#### Data shown ####

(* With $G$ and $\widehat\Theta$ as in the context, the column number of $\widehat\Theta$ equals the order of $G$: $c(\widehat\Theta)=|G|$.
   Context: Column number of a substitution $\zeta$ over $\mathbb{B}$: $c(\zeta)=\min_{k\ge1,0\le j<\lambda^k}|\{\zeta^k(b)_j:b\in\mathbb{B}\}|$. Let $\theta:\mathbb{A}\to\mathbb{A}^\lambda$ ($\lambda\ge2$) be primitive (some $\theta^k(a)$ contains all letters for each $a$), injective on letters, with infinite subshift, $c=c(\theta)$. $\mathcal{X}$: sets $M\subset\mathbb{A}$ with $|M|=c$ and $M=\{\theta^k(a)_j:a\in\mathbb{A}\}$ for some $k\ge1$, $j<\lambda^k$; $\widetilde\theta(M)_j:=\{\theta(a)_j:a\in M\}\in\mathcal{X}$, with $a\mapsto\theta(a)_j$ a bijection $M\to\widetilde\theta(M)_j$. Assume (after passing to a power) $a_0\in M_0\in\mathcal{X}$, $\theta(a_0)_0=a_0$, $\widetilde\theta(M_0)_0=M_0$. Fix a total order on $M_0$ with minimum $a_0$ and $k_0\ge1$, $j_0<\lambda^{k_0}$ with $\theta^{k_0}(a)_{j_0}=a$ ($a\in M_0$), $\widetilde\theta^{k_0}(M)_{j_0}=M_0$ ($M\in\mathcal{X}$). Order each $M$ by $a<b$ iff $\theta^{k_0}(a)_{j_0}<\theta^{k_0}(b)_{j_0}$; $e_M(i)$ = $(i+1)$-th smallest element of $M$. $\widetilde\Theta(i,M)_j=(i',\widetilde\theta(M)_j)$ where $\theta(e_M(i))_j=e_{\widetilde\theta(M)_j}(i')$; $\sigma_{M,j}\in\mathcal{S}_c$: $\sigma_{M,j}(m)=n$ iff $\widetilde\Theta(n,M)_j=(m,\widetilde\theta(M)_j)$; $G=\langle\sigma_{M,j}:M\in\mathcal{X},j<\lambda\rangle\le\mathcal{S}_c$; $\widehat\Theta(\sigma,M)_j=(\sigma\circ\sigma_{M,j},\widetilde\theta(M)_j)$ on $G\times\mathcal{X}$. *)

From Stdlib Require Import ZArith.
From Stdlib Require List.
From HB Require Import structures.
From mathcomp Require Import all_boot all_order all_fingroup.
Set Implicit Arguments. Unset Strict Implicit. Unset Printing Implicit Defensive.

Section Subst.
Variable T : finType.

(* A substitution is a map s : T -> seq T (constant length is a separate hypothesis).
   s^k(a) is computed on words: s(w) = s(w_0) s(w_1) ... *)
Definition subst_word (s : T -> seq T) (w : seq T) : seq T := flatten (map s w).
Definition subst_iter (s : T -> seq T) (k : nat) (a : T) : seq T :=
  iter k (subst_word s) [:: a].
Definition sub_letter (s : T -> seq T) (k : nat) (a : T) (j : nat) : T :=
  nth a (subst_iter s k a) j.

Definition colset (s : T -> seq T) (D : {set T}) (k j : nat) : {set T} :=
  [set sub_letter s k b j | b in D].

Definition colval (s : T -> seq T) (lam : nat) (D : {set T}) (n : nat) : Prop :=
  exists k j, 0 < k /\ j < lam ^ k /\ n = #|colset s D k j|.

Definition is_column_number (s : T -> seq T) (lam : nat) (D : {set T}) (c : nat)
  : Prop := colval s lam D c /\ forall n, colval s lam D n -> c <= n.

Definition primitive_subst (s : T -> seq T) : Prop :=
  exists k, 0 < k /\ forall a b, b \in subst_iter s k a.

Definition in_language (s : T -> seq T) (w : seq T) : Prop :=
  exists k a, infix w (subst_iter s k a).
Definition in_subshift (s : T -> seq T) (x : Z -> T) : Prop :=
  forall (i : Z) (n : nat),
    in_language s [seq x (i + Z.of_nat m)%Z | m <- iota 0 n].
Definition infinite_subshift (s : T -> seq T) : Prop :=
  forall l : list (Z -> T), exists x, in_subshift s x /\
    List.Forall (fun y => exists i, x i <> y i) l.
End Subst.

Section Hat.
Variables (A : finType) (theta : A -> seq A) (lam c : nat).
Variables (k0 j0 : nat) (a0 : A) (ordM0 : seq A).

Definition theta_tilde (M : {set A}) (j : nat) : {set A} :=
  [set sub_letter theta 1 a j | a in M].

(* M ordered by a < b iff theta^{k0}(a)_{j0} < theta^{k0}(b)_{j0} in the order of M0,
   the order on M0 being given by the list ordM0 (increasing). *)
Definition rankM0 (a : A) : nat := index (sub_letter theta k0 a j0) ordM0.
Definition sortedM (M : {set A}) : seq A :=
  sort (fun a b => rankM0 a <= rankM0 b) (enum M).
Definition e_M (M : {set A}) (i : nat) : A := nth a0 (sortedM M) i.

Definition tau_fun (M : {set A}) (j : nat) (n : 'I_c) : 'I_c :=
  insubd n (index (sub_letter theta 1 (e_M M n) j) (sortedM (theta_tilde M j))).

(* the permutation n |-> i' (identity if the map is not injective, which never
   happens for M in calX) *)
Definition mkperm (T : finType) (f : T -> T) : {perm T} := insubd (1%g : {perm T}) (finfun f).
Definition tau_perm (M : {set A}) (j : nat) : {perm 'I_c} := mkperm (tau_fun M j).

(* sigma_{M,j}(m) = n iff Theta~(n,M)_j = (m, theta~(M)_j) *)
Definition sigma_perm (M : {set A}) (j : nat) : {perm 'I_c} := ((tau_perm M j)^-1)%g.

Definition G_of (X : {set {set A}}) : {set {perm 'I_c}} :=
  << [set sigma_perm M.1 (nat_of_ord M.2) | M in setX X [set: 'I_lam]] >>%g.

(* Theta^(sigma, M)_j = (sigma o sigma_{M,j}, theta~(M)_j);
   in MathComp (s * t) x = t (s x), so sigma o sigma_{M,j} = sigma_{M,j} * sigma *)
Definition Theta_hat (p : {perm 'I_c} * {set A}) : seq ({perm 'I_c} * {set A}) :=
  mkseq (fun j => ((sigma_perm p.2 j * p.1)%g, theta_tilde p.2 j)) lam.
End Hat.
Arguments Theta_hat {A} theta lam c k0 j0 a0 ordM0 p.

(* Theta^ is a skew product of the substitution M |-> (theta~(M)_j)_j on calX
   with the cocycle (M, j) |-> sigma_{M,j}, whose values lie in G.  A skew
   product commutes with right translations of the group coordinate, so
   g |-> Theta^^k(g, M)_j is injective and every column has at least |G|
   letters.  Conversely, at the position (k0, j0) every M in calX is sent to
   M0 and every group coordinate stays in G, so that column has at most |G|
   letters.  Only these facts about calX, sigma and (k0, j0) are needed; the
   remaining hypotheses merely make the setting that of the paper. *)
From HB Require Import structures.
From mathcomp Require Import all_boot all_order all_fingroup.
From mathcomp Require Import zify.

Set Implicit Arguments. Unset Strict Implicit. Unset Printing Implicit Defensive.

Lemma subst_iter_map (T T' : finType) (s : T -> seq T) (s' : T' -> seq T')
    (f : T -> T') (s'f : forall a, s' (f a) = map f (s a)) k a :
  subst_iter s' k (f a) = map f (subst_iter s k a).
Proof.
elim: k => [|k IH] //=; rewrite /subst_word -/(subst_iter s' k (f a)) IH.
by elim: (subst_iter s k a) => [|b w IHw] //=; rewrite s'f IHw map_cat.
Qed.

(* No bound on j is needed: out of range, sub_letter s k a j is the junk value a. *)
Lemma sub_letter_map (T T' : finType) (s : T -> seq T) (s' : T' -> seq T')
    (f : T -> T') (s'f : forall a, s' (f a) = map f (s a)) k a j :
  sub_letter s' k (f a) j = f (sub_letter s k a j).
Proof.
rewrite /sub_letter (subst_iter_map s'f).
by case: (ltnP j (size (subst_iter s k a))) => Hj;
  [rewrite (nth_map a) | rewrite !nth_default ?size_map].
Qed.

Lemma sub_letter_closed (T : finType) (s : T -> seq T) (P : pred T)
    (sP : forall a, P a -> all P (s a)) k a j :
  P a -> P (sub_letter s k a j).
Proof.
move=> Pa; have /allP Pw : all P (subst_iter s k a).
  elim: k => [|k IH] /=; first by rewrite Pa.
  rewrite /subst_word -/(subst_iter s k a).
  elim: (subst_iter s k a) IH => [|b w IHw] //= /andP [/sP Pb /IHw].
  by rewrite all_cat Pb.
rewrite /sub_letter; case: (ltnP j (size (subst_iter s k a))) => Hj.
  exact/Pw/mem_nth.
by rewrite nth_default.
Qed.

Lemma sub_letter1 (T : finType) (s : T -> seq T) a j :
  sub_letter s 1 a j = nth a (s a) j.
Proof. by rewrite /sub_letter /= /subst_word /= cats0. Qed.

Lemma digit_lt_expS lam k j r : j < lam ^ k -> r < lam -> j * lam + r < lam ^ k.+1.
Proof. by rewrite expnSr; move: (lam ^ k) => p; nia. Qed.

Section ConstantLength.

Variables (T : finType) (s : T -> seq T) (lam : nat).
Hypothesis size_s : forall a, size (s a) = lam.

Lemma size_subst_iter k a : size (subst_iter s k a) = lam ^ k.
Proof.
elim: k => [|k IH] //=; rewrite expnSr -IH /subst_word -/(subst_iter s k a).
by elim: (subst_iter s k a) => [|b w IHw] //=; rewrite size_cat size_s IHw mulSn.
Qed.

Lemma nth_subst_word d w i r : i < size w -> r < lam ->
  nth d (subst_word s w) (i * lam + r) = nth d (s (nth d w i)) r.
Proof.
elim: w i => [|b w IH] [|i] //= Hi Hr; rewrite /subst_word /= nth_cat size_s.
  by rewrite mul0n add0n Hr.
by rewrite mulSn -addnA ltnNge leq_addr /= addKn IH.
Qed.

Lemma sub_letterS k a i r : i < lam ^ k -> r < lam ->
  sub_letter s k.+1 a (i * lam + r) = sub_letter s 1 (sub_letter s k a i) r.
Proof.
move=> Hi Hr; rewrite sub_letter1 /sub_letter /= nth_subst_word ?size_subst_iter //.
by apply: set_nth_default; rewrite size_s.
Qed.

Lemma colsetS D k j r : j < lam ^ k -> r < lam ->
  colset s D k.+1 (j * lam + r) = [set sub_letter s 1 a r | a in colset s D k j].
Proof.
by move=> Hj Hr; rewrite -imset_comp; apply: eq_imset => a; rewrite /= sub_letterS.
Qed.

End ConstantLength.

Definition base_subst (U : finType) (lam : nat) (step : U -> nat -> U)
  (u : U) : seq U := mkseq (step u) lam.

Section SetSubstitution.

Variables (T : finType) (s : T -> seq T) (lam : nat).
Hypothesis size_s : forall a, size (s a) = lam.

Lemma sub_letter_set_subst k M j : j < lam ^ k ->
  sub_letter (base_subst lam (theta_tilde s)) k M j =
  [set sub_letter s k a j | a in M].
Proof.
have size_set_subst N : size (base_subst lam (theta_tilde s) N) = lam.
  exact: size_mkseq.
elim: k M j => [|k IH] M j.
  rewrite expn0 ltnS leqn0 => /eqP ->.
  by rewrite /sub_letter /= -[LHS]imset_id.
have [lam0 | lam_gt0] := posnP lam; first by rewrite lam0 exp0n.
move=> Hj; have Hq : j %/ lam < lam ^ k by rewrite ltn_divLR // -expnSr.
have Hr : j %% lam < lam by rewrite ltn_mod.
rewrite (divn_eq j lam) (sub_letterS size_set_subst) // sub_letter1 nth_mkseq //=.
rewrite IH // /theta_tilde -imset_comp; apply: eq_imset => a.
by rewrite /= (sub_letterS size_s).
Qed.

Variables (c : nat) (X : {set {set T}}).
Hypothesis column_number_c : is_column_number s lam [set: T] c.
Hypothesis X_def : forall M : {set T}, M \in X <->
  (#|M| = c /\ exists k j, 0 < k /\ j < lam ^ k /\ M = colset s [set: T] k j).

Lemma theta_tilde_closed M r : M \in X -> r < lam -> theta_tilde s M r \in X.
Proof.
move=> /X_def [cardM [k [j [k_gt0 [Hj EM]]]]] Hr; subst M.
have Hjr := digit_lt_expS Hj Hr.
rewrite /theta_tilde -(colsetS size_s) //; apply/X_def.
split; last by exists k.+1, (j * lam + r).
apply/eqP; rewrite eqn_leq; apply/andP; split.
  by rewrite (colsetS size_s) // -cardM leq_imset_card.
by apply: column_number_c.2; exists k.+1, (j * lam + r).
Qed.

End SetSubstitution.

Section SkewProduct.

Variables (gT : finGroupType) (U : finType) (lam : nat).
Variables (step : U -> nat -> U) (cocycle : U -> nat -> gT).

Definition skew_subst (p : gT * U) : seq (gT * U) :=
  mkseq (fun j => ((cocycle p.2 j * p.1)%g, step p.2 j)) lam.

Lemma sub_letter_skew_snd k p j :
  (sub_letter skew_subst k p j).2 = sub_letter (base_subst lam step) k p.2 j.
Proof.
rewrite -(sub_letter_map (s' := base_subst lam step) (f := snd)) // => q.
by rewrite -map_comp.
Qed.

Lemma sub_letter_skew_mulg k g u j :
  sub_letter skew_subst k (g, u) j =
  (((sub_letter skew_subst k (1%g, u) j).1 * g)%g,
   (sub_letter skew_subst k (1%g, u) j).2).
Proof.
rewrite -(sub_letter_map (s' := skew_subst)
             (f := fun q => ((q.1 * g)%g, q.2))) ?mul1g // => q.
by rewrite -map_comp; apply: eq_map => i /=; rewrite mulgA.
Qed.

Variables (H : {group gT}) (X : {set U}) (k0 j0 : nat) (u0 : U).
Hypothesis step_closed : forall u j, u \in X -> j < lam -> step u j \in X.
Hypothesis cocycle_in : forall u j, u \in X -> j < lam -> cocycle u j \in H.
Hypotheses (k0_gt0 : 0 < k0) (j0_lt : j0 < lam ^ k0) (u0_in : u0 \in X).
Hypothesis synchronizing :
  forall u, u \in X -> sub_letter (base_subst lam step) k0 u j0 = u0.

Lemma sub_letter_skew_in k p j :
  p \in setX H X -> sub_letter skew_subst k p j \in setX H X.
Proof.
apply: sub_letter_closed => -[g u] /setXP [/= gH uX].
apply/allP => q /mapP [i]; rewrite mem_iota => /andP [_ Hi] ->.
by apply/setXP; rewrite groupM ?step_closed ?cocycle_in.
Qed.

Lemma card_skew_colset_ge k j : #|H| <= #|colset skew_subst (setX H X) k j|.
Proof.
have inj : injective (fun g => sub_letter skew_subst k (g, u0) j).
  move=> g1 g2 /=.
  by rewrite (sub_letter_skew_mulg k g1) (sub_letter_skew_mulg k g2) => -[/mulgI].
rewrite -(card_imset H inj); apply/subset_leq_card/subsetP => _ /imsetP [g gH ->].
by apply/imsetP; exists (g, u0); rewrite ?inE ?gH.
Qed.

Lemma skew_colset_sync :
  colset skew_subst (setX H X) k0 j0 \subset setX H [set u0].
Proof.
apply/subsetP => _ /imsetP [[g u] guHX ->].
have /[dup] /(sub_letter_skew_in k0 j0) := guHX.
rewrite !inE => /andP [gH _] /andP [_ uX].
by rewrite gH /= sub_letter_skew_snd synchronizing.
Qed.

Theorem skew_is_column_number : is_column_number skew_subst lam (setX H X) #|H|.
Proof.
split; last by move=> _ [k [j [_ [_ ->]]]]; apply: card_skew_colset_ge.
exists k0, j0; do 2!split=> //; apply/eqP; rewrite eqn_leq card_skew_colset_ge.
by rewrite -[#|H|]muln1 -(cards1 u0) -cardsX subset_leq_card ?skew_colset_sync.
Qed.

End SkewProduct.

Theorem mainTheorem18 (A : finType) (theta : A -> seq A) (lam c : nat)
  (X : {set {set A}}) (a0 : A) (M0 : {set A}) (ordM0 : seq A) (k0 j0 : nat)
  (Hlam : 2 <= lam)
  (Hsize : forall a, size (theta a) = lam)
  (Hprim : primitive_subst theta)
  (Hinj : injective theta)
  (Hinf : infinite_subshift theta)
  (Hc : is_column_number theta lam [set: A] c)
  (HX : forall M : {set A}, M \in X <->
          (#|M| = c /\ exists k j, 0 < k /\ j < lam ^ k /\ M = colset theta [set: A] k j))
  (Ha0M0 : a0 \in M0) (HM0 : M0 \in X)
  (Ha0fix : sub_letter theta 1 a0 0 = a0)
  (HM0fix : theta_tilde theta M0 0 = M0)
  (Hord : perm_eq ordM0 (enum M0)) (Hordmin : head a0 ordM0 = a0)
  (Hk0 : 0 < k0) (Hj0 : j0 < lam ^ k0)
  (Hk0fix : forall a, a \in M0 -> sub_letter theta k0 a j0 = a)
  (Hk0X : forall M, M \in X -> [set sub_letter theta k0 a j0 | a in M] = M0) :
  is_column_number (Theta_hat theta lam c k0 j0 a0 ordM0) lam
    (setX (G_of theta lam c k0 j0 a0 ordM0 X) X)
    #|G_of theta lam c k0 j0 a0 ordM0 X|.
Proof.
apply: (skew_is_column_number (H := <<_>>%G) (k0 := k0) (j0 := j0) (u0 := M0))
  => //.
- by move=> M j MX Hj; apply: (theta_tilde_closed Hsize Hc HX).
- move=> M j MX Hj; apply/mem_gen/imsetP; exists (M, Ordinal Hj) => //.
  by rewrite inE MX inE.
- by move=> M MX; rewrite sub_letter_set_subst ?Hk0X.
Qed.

####

What the task asks: Print, from the entries above, the line with "[set sub_letter theta 1 a j | a in M].", the line with "happens for M in calX) *)" and all lines between them, exactly and with nothing else.

Answer to the exercise:
  [set sub_letter theta 1 a j | a in M].

(* M ordered by a < b iff theta^{k0}(a)_{j0} < theta^{k0}(b)_{j0} in the order of M0,
   the order on M0 being given by the list ordM0 (increasing). *)
Definition rankM0 (a : A) : nat := index (sub_letter theta k0 a j0) ordM0.
Definition sortedM (M : {set A}) : seq A :=
  sort (fun a b => rankM0 a <= rankM0 b) (enum M).
Definition e_M (M : {set A}) (i : nat) : A := nth a0 (sortedM M) i.

Definition tau_fun (M : {set A}) (j : nat) (n : 'I_c) : 'I_c :=
  insubd n (index (sub_letter theta 1 (e_M M n) j) (sortedM (theta_tilde M j))).

(* the permutation n |-> i' (identity if the map is not injective, which never
   happens for M in calX) *)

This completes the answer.